◆ **TASK GOAL**
Among the records that follow, set down only the lines from the one containing "apply: (iff_trans (infinitely_often_eventually_const" to the one containing "match n with", both included, exactly.

◆ **DATASET**
# # # # #

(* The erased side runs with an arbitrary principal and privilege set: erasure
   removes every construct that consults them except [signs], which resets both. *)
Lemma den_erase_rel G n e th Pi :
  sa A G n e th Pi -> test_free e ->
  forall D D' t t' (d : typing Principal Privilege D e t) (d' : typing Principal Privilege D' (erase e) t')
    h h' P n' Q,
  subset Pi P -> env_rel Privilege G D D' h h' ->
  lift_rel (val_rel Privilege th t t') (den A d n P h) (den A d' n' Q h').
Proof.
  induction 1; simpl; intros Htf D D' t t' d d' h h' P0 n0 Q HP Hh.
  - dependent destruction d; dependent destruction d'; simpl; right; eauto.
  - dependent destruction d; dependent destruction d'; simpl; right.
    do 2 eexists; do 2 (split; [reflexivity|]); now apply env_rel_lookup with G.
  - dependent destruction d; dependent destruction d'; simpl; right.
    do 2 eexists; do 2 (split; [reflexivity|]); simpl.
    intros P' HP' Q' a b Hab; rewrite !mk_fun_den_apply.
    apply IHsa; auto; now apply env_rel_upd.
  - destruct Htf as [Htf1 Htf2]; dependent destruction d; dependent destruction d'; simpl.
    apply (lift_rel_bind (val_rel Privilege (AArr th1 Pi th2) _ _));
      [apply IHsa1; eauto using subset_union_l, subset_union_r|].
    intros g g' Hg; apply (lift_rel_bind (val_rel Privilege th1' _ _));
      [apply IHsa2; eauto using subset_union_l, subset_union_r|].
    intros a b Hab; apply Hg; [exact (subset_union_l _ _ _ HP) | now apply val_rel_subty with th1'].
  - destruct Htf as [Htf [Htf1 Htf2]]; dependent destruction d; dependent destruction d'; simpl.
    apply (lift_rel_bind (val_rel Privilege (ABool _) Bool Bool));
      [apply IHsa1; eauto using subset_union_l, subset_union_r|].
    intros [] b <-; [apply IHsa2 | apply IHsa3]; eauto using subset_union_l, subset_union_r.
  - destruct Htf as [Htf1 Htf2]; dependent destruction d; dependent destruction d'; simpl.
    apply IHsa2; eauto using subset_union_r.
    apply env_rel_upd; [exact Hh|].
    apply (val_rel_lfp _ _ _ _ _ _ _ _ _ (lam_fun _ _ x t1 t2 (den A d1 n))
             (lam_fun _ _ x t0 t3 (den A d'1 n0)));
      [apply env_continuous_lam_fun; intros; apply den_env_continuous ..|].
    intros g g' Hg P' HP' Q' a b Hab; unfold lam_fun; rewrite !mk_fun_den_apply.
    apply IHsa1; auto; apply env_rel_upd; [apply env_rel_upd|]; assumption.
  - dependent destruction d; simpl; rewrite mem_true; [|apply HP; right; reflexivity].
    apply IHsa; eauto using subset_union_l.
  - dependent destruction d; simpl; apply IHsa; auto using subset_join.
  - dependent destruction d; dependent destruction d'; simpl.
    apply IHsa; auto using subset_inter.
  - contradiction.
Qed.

# # # # #

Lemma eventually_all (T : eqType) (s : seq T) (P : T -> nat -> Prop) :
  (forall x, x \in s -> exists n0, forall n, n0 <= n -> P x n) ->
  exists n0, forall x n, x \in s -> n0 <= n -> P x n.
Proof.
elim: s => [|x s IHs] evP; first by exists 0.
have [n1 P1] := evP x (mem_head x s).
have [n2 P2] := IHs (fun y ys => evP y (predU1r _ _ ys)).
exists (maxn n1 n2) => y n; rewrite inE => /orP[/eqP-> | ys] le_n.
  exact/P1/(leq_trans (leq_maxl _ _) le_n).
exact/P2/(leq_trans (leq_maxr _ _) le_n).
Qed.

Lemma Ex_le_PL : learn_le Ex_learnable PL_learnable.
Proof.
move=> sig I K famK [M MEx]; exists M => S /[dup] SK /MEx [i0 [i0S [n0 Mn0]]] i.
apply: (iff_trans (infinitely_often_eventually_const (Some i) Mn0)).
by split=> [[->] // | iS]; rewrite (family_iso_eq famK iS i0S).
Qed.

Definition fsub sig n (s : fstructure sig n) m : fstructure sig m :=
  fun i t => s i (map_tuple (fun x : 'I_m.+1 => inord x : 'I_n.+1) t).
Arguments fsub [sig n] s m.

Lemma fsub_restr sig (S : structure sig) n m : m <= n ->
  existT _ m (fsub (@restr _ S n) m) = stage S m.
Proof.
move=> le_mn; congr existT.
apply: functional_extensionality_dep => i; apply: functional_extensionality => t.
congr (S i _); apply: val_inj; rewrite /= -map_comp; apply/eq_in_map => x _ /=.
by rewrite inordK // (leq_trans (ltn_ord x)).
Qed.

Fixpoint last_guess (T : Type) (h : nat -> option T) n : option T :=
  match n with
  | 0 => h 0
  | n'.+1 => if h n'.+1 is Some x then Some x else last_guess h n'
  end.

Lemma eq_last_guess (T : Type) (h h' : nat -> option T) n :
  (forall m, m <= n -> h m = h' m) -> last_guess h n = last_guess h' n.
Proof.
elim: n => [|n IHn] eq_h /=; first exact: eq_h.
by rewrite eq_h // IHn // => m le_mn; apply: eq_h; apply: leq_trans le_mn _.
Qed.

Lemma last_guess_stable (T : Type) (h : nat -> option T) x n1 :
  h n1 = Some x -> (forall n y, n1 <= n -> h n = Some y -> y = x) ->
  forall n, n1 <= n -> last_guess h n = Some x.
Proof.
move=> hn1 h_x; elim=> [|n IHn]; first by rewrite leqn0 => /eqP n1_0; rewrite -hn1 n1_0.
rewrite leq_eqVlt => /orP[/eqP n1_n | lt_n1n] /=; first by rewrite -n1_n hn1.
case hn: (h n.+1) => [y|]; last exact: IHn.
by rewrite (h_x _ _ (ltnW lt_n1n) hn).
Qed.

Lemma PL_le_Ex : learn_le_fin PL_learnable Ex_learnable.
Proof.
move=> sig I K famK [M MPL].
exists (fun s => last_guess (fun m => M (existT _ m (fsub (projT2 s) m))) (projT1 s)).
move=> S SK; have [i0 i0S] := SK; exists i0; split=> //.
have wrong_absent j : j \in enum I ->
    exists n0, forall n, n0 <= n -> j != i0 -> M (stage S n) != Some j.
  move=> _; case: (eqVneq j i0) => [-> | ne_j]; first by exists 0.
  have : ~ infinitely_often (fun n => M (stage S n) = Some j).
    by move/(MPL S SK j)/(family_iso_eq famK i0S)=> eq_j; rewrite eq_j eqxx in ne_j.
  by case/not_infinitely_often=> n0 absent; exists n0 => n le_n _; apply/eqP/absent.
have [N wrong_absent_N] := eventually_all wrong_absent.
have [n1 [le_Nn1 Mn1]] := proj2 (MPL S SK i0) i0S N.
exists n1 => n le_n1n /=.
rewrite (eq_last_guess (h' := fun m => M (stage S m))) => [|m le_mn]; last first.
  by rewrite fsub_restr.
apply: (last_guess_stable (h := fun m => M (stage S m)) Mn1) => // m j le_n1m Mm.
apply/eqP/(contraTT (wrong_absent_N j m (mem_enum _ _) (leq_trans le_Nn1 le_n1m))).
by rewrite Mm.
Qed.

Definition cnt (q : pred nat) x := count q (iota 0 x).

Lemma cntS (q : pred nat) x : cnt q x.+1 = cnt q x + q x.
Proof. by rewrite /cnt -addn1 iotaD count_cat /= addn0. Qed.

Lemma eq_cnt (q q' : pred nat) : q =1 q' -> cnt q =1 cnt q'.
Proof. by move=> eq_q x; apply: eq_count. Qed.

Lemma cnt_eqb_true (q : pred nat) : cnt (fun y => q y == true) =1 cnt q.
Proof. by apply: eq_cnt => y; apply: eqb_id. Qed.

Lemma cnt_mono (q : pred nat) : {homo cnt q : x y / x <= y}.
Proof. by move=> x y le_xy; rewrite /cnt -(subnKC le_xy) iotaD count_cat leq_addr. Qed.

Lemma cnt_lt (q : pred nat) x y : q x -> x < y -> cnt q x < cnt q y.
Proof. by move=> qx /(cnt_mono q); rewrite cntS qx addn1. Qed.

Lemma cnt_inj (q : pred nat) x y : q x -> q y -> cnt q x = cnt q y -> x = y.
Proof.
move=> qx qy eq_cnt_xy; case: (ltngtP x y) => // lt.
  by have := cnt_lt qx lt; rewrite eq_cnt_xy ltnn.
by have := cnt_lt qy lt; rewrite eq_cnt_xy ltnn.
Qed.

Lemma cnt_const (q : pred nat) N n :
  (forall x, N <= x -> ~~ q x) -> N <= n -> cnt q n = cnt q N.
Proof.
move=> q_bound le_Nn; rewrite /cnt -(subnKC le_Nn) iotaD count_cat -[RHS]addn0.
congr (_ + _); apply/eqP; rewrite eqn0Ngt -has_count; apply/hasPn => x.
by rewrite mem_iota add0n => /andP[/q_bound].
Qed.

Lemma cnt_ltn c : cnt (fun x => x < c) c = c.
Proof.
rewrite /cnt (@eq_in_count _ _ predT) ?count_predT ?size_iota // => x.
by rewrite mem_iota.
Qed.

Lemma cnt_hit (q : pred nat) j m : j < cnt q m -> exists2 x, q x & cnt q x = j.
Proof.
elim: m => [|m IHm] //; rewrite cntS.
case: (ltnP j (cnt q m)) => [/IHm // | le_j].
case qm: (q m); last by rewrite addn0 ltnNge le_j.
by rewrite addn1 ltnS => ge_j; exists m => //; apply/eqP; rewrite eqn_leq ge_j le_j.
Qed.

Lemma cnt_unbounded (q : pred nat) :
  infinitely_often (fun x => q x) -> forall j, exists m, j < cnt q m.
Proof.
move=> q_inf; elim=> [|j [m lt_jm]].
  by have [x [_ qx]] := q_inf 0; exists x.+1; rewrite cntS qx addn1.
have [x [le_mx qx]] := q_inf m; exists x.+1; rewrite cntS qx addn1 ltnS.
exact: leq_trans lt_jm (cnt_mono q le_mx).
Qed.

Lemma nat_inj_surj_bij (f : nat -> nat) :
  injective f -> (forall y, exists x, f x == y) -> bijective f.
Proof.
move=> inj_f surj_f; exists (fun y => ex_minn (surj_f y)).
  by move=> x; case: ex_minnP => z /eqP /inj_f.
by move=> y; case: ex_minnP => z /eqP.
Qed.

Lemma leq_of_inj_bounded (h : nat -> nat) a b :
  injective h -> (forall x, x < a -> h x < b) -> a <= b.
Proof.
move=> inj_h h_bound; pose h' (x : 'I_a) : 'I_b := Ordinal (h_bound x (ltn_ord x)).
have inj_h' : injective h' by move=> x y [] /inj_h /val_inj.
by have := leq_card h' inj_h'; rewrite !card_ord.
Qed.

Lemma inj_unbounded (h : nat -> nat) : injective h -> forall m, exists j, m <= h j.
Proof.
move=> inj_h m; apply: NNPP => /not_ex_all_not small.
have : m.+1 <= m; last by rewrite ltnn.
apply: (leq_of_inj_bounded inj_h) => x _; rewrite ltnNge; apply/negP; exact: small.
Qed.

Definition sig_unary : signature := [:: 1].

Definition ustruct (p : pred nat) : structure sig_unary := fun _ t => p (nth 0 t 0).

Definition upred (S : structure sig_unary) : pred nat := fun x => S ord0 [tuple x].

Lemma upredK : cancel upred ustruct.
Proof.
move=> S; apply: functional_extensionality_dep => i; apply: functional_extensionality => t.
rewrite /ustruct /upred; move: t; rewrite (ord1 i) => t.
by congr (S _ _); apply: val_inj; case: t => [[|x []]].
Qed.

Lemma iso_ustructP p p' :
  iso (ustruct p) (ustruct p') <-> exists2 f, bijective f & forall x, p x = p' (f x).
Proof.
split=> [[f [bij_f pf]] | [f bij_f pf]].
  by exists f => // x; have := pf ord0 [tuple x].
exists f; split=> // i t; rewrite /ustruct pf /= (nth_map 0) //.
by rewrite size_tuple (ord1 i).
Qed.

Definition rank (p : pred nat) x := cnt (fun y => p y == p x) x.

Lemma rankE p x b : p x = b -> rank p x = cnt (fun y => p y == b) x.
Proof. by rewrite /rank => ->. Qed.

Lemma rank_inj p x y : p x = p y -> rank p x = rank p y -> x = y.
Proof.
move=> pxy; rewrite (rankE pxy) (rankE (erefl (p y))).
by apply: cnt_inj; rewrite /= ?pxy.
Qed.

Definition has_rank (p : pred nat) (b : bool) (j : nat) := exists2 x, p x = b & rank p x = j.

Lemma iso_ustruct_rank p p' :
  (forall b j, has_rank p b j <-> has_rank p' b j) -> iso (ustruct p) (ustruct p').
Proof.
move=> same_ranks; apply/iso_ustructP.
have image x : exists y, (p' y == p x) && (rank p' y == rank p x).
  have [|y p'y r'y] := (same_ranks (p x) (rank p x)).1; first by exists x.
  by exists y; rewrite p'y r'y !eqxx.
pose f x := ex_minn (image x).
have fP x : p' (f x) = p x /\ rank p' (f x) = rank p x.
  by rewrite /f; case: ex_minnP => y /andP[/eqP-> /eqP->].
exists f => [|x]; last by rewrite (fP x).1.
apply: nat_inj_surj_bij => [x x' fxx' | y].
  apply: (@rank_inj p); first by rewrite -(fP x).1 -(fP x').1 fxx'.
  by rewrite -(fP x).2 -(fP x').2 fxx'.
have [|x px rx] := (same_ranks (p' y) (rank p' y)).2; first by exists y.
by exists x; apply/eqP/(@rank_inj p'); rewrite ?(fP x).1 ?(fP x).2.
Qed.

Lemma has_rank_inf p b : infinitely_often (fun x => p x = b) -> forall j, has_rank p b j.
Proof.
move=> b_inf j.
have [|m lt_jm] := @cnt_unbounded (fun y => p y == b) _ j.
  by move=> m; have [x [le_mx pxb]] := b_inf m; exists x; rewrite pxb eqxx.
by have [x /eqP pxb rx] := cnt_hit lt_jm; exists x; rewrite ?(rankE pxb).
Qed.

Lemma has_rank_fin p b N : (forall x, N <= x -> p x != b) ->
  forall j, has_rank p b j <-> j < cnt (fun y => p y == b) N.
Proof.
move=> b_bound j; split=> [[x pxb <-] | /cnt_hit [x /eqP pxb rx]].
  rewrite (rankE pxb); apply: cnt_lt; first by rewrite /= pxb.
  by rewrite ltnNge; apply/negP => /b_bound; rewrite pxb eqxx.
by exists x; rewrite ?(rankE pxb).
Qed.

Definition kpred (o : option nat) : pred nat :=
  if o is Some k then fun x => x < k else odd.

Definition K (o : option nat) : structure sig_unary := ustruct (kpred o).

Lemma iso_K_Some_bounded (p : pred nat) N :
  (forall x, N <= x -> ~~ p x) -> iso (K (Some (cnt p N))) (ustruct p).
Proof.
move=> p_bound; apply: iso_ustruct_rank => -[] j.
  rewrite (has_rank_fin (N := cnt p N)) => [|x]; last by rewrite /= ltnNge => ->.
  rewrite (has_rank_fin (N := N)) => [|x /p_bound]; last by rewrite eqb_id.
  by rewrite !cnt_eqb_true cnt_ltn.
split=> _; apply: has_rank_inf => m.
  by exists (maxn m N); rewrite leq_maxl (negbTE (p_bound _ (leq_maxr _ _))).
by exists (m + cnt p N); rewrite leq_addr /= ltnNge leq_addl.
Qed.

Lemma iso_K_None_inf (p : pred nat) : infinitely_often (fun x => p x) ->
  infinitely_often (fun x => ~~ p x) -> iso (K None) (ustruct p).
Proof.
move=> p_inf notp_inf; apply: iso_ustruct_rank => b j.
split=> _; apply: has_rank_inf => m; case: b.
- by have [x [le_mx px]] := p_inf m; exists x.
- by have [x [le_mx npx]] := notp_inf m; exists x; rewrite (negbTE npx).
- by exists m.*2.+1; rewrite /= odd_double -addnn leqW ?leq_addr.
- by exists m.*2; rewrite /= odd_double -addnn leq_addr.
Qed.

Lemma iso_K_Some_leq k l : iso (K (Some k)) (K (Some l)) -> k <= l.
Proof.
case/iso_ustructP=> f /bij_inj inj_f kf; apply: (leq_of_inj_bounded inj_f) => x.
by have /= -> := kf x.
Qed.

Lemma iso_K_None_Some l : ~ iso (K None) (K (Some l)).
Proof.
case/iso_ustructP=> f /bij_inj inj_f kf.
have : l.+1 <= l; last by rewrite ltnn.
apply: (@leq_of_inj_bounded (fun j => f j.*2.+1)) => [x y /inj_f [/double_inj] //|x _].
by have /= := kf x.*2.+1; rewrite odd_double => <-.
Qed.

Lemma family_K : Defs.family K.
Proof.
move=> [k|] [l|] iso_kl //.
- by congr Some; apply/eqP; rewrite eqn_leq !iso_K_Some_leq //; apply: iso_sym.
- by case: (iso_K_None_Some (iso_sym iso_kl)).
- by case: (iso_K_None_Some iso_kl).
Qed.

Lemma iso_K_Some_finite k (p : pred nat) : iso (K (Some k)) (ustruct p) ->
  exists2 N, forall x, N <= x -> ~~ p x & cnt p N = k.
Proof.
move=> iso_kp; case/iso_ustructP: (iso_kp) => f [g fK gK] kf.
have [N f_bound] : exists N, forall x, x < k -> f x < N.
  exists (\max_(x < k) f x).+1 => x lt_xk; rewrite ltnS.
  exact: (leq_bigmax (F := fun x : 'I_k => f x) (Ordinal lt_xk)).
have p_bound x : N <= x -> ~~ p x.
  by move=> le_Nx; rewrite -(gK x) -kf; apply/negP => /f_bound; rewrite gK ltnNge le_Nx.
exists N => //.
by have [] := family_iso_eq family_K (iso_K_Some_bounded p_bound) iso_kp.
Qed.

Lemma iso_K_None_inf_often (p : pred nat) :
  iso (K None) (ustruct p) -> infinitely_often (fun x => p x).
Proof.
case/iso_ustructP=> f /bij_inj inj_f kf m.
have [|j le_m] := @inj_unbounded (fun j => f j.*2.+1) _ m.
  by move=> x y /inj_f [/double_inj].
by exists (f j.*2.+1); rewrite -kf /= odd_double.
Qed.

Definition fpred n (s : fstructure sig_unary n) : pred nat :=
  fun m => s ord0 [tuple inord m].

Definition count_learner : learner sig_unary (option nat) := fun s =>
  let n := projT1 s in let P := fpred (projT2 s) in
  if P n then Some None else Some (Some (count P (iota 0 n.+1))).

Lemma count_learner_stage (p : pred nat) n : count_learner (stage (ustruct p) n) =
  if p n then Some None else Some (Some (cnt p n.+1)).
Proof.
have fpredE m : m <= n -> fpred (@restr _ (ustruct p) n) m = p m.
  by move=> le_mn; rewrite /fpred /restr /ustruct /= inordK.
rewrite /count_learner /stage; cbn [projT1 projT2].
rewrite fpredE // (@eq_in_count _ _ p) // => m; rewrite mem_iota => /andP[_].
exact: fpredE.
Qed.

# # # # #

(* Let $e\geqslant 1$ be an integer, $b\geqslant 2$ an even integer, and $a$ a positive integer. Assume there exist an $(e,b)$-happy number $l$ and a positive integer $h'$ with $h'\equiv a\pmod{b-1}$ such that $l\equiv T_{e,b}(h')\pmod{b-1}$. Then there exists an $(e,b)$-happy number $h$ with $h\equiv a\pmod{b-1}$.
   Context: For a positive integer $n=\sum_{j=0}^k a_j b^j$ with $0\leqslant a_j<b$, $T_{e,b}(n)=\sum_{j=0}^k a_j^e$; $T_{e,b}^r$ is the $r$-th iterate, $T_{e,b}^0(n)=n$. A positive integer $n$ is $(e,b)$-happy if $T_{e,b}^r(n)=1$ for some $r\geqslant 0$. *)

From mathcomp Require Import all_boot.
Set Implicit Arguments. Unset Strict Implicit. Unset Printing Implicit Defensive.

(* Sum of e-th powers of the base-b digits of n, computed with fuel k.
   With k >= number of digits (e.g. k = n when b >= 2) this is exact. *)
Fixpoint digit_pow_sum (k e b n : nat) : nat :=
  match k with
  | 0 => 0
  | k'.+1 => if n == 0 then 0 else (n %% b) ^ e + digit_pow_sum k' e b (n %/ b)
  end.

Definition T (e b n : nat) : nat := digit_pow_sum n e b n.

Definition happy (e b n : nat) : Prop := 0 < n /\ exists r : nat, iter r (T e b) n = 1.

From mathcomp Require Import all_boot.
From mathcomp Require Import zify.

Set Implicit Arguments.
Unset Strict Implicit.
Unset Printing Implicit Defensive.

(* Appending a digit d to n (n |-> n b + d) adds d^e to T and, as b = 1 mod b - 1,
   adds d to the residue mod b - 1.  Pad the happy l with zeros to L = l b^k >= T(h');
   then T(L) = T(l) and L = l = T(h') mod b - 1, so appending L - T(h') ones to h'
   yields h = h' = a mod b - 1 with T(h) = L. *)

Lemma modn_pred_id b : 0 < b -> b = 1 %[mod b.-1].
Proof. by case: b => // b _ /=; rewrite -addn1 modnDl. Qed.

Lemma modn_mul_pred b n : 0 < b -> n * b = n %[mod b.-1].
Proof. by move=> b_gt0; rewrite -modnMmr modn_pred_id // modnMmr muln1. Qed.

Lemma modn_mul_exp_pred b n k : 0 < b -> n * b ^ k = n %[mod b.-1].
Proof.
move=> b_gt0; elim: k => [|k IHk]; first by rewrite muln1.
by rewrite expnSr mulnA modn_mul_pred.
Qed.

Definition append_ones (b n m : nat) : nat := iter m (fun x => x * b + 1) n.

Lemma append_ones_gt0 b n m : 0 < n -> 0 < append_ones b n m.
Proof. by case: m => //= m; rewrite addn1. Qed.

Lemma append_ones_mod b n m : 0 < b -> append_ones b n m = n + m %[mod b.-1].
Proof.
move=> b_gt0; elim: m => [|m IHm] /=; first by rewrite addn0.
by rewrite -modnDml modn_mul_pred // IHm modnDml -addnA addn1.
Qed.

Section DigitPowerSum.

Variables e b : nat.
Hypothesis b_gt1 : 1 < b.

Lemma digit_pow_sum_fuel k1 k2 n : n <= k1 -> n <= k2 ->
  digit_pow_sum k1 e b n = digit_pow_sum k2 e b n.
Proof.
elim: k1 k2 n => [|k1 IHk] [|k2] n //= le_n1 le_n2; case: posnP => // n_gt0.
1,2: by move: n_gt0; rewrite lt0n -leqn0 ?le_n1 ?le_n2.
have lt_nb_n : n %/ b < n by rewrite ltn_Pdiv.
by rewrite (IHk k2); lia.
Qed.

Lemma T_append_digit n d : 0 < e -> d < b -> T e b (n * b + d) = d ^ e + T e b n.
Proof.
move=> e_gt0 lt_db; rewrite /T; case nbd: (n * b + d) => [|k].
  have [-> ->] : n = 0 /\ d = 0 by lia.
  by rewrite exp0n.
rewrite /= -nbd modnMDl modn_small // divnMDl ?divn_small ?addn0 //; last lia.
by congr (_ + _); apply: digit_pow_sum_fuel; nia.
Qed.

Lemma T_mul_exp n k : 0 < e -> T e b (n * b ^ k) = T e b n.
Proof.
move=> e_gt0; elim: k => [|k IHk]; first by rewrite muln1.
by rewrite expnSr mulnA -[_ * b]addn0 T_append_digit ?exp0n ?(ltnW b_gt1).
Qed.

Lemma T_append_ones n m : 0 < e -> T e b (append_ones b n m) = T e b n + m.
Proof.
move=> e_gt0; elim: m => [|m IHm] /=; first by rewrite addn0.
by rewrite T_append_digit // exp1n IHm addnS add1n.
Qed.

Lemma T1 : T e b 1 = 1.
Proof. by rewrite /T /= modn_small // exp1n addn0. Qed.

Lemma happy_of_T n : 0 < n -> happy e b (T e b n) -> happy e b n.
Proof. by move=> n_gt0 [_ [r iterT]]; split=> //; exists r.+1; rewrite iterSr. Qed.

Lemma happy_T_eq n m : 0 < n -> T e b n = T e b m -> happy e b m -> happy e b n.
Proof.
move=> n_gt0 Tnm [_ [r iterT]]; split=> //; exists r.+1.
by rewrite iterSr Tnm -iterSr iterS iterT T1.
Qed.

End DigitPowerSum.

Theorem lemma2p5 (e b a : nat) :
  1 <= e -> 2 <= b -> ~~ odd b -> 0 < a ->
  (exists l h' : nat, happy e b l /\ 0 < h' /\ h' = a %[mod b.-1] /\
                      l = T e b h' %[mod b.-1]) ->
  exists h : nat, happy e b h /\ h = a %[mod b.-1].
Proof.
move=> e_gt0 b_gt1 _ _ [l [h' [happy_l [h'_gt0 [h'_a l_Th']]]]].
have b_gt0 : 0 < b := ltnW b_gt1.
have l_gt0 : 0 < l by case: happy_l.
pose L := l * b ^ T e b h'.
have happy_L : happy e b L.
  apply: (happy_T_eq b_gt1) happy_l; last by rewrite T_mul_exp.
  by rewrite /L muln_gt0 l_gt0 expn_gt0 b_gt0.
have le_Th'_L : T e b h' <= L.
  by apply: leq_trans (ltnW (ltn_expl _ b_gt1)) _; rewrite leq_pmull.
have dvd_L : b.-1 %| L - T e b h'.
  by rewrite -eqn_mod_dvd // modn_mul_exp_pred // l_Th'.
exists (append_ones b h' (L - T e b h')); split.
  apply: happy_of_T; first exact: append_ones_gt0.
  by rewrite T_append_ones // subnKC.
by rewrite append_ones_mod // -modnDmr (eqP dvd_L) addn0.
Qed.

# # # # #

◆ **RESULT OF THIS EXERCISE**
apply: (iff_trans (infinitely_often_eventually_const (Some i) Mn0)).
by split=> [[->] // | iS]; rewrite (family_iso_eq famK iS i0S).
Qed.

Definition fsub sig n (s : fstructure sig n) m : fstructure sig m :=
  fun i t => s i (map_tuple (fun x : 'I_m.+1 => inord x : 'I_n.+1) t).
Arguments fsub [sig n] s m.

Lemma fsub_restr sig (S : structure sig) n m : m <= n ->
  existT _ m (fsub (@restr _ S n) m) = stage S m.
Proof.
move=> le_mn; congr existT.
apply: functional_extensionality_dep => i; apply: functional_extensionality => t.
congr (S i _); apply: val_inj; rewrite /= -map_comp; apply/eq_in_map => x _ /=.
by rewrite inordK // (leq_trans (ltn_ord x)).
Qed.

Fixpoint last_guess (T : Type) (h : nat -> option T) n : option T :=
  match n with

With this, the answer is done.